Sunday, July 09, 2006
Start of My Demise
All is not well.
I did nothing for my seventh month of sobriety. I haven’t been to a meeting in a while. I haven’t really even updated my blog in a while; although I’m working on my next post in my head.
All this started when my digital camera took a dump. Like the time when my laptop failed, I simply opened it up and started looking for the problem. I got as far as you see and started to realize that I may not be able to repair it myself.
It failed when I was plugging in the USB cable in the dark. I didn’t think I had it in properly, so I jiggled it. After that, it never started up again. I think I shorted something out. I’m going to continue working on it, but honestly, I don’t think I can repair it. Maybe a camera repair shop would have more luck, but I can’t afford that right now.
Actually, what halted my repair was that as I was testing voltage on as many leads as I could when I noticed a (relatively large) capacitor.
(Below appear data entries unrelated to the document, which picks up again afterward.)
(* Let $G$ be a finite group and $H$ a proper subgroup with $[G:H] \geq 3$. There is a one-to-one correspondence between simple rank $3$ $G$-invariant matroids whose ground $G$-set is $G/H$ and nontrivial equivalence relations $\sim$ on $G/H - \{\bar{1}\}$ satisfying: (1) if $\bar{a} \sim \bar{b}$ and $\bar{a} \neq \bar{b}$, then $\overline{a^{-1}} \sim \overline{a^{-1}b}$; (2) if $\bar{a} \sim \bar{b}$ and $h \in H$, then $\overline{ha} \sim \overline{hb}$.
   Context: $G/H$ is the set of left cosets with $G$ acting by left multiplication, and $\bar{a}$ denotes $aH$. A matroid on a $G$-set is $G$-invariant if $gB$ is a basis for every basis $B$ and $g \in G$. A matroid is simple if every circuit has at least three elements. An equivalence relation is nontrivial if it has at least two classes. *)

From mathcomp Require Import all_boot all_fingroup.
Set Implicit Arguments. Unset Strict Implicit. Unset Printing Implicit Defensive.
Local Open Scope group_scope.

Section Matroid.
Variable T : finType.

Definition is_matroid_bases (E : {set T}) (Bs : {set {set T}}) : Prop :=
  [/\ Bs != set0,
      forall B, B \in Bs -> B \subset E &
      forall B1 B2, B1 \in Bs -> B2 \in Bs -> forall x, x \in B1 :\: B2 ->
        exists2 y, y \in B2 :\: B1 & (y |: (B1 :\ x)) \in Bs].

Definition m_indep (Bs : {set {set T}}) (I : {set T}) : Prop :=
  exists2 B, B \in Bs & I \subset B.

Definition m_circuit (E : {set T}) (Bs : {set {set T}}) (C : {set T}) : Prop :=
  [/\ C \subset E, ~ m_indep Bs C &
      forall D : {set T}, D \proper C -> m_indep Bs D].

Definition m_simple (E : {set T}) (Bs : {set {set T}}) : Prop :=
  forall C, m_circuit E Bs C -> 3 <= #|C|.

Definition m_rank_is (Bs : {set {set T}}) (r : nat) : Prop :=
  forall B, B \in Bs -> #|B| = r.
End Matroid.

Section Cosets.
Variable gT : finGroupType.
Implicit Types G H : {group gT}.

(** ground G-set G/H: left cosets aH, with G acting by left multiplication *)
Definition ground G H : {set {set gT}} := lcosets H G.

Definition act_set (g : gT) (S : {set {set gT}}) : {set {set gT}} :=
  [set g *: C | C in S].

Definition G_invariant G (Bs : {set {set {set gT}}}) : Prop :=
  forall g B, g \in G -> B \in Bs -> act_set g B \in Bs.

Definition simple_rank3_invariant_matroid G H (Bs : {set {set {set gT}}}) : Prop :=
  [/\ is_matroid_bases (ground G H) Bs, m_rank_is Bs 3, m_simple (ground G H) Bs
    & G_invariant G Bs].

Definition punctured G H : {set {set gT}} := ground G H :\ (H : {set gT}).

Definition equiv_on (D : {set {set gT}}) (R : {set {set gT} * {set gT}}) : Prop :=
  [/\ R \subset setX D D,
      forall x, x \in D -> (x, x) \in R,
      forall x y, (x, y) \in R -> (y, x) \in R &
      forall x y z, (x, y) \in R -> (y, z) \in R -> (x, z) \in R].

Definition nontrivial_equiv (D : {set {set gT}}) (R : {set {set gT} * {set gT}}) : Prop :=
  2 <= #|[set [set y in D | (x, y) \in R] | x in D]|.

Definition admissible_relation G H (R : {set {set gT} * {set gT}}) : Prop :=
  [/\ equiv_on (punctured G H) R,
      nontrivial_equiv (punctured G H) R,
      forall a b, a \in G -> b \in G ->
        (a *: H, b *: H) \in R -> a *: H != b *: H ->
        (a^-1 *: H, (a^-1 * b) *: H) \in R &
      forall a b h, a \in G -> b \in G -> h \in H ->
        (a *: H, b *: H) \in R -> ((h * a) *: H, (h * b) *: H) \in R].
End Cosets.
It’s the black cylinder in the upper right corner of the posted picture and is used to store up energy for the flash. On it reads, “350v”! Sure enough, I checked the voltage and it reports 240v, so it’s still charged. Cross those contacts and you could create your own firework display.
It hit me pretty hard, because photography really makes me happy. I do own a 35mm SLR, which I love, but I can’t afford to develop film right now. Maybe it’s enough just to load it with film and shoot when I can.
Any images that you see are either from the Internet, from a camera someone lent me (like the photo in this post, obviously), or archives shot from before my digital camera failed.